The door closed. The short, ladder-like steps to the hallway below creaked once, and then all was still. Danglar did have on rubber-soled shoes. She sat upright, her hands, clenched now, pressed hard against her throbbing temples. It wasn't true! None of this was true--this hovel of a place, those jewels glinting like evil eyes in her lap; her existence itself wasn't true; it was only her brain now, sick like her soul, that conjured up these ugly phantoms with horrible, plausible ingenuity. And then an inner voice seemed to answer her with a calmness that was hideous in its finality. It was true. All of it was true.

Those words of Danglar, and their bald meaning, were true.
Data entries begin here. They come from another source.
(* Let $L$ be a precompact Hausdorff co-Heyting algebra, identified with its image in $\widehat L$. Then: (1) $L$ and $\widehat L$ have the same completely join irreducible elements; (2) every join irreducible element of $L$ is completely join irreducible; (3) for every $x\in\mathcal I^{!\vee}(L)$, the cofoundation rank of $x$ in the ordered set $\mathcal I^{!\vee}(L)$ is finite and equal to $\operatorname{codim}_L x$; (4) $\mathcal I^{!\vee}(L)$ satisfies the ascending chain condition; (5) for every $a\in L$, $a$ is the complete join in $L$ of the set of its join irreducible components.
   Context: A co-Heyting algebra is a bounded distributive lattice $(L,0,1,\vee,\wedge)$ such that $a-b=\min\{c\in L: a\le b\vee c\}$ exists for all $a,b$. For an ideal $I$, $L/I$ is the quotient by $a\equiv_I b\iff(a-b)\vee(b-a)\in I$. $\operatorname{Spec}L$ is the set of prime filters ordered by inclusion; height = foundation rank there; $\operatorname{codim}_La=\min\{\operatorname{height}\mathfrak p: a\in\mathfrak p\}$ ($+\infty$ if none); $dL=\{a:\operatorname{codim}_La\ge d\}$ is an ideal. $L$ is Hausdorff if every nonzero element has finite codimension; precompact if $L/dL$ is finite for every positive integer $d$. $\widehat L$ is the projective limit of the quotients $L/dL$ under the canonical surjections $L/(d+1)L\to L/dL$, and $L$ embeds in it diagonally. $x\ne0$ is join irreducible if $x\le a\vee b$ implies $x\le a$ or $x\le b$; completely join irreducible if $x\le\bigvee A$ (for any $A$ whose join exists) implies $x\le a$ for some $a\in A$; $\mathcal I^{!\vee}(L)$ is the set of completely join irreducible elements. The join irreducible components of $a$ are the maximal elements of the set of join irreducible elements below $a$. The cofoundation rank of $x$ in an ordered set $E$ is its foundation rank for the reverse order (rank $\ge\beta+1$ iff some strictly larger element has rank $\ge\beta$; limits by intersection). *)

From HB Require Import structures.
From mathcomp Require Import all_boot all_order.
Set Implicit Arguments. Unset Strict Implicit. Unset Printing Implicit Defensive.
Import Order.TTheory.
Local Open Scope order_scope.

Section Generic.
Variable T : Type.
Variable E : T -> Prop.
Variable le : T -> T -> Prop.

Definition is_lub (A : T -> Prop) (s : T) : Prop :=
  E s /\ (forall a, A a -> le a s) /\
  (forall u, E u -> (forall a, A a -> le a u) -> le s u).

Definition cji (bot : T) (x : T) : Prop :=
  E x /\ ~ le x bot /\
  forall (A : T -> Prop) (s : T), (forall a, A a -> E a) ->
    is_lub A s -> le x s -> exists a, A a /\ le x a.

(* foundation rank w.r.t. the strict order lt on E, finite levels:
   rank_ge lt x n  <->  "rank of x >= n"
   (rank >= n+1 iff some strictly smaller element has rank >= n). *)
Fixpoint rank_ge (lt : T -> T -> Prop) (x : T) (n : nat) : Prop :=
  match n with
  | 0 => True
  | n'.+1 => exists y, E y /\ lt y x /\ rank_ge lt y n'
  end.

Definition rank_eq (lt : T -> T -> Prop) (x : T) (n : nat) : Prop :=
  rank_ge lt x n /\ ~ rank_ge lt x n.+1.
End Generic.

Section CoHeyting.
Variables (disp : Order.disp_t) (L : tbDistrLatticeType disp).

Definition is_diff (a b c : L) : Prop :=
  a <= b `|` c /\ forall c', a <= b `|` c' -> c <= c'.

Definition coHeyting : Prop := forall a b : L, exists c, is_diff a b c.

Definition cong (I : L -> Prop) (a b : L) : Prop :=
  exists c1 c2, is_diff a b c1 /\ is_diff b a c2 /\ I (c1 `|` c2).

Definition prime_filter (p : L -> Prop) : Prop :=
  p \top /\ ~ p \bot /\
  (forall a b, p a -> a <= b -> p b) /\
  (forall a b, p a -> p b -> p (a `&` b)) /\
  (forall a b, p (a `|` b) -> p a \/ p b).

Definition sincl (q p : L -> Prop) : Prop :=
  (forall a, q a -> p a) /\ ~ (forall a, p a -> q a).

Definition height_ge (p : L -> Prop) (n : nat) : Prop :=
  rank_ge prime_filter sincl p n.

(* codim_L a >= n  (codim = min of heights of primes containing a, +oo if none) *)
Definition codim_ge (a : L) (n : nat) : Prop :=
  forall p, prime_filter p -> p a -> height_ge p n.

Definition codim_eq (a : L) (n : nat) : Prop :=
  codim_ge a n /\ ~ codim_ge a n.+1.

Definition dL (d : nat) : L -> Prop := fun a => codim_ge a d.

Definition Hausdorff : Prop :=
  forall a : L, a != \bot -> exists n, codim_eq a n.

(* L/dL finite for every positive d: finitely many classes *)
Definition precompact : Prop :=
  forall d, 0 < d -> exists s : seq L, forall a, exists2 b, b \in s & cong (dL d) a b.

(* an element of hat L is represented by a family f, f d representing the
   class of L/dL (d > 0), compatible with the surjections L/(d+1)L -> L/dL *)
Definition hat_elt (f : nat -> L) : Prop :=
  forall d, 0 < d -> cong (dL d) (f d.+1) (f d).

(* componentwise order, the order of L/dL being [a] <= [b] iff [a `|` b] = [b] *)
Definition hat_le (f g : nat -> L) : Prop :=
  forall d, 0 < d -> cong (dL d) (f d `|` g d) (g d).

Definition hat_eq (f g : nat -> L) : Prop := hat_le f g /\ hat_le g f.

Definition hat_of (a : L) : nat -> L := fun _ => a.

Definition Lle (x y : L) : Prop := x <= y.

Definition cjiL (x : L) : Prop := cji (fun _ => True) Lle \bot x.

Definition cjiHat (f : nat -> L) : Prop := cji hat_elt hat_le (hat_of \bot) f.

Definition join_irr (x : L) : Prop :=
  x != \bot /\ forall a b, x <= a `|` b -> x <= a \/ x <= b.

Definition ji_component (a x : L) : Prop :=
  join_irr x /\ x <= a /\
  forall y, join_irr y -> y <= a -> x <= y -> y = x.

Definition cjiL_corank_eq (x : L) (n : nat) : Prop :=
  rank_eq cjiL (fun y z => z < y) x n.

End CoHeyting.

From mathcomp Require Import all_boot all_order.
From Stdlib Require Import Classical ClassicalEpsilon.
From mathcomp Require classical_sets.
Import Order.TTheory.
Local Open Scope order_scope.
Set Implicit Arguments. Unset Strict Implicit. Unset Printing Implicit Defensive.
Men did such things; men made in the image of their Maker did such things. They were going to kill a man to-night--an innocent man whom they had made their p.a.w.n.

She swept the jewels from her lap to the blanket, and rising, seized the candle, went to the door, looked out, and, holding the candle high above her head, peered down the stairs. Yes, he was gone. There was no one there.

She locked the door again, returned to the bed, set the candle down upon the chair, and stood there, her face white and drawn, staring with wide, tormented eyes about her. Murder. Danglar had spoken of it with inhuman callousness--and had laughed at it. They were going to take a man's life. And there was only herself, already driven to extremity, already with her own back against the wall in an effort to save herself, only herself to carry the burden of the responsibility of doing something-to save a man's life.

It seemed to plumb the depths of irony and mockery. She could not make a move as Gypsy Nan. It would only result in their turning upon her, of the discovery that she was not Gypsy Nan at all, of the almost certainty that it would cost her her own life without saving the Sparrow's. That way was closed to her from the start. As the White Moll, then? Outside there in the great city, every plain-clothes man, every policeman on every beat, was staring into every woman's face he met--searching for the White Moll.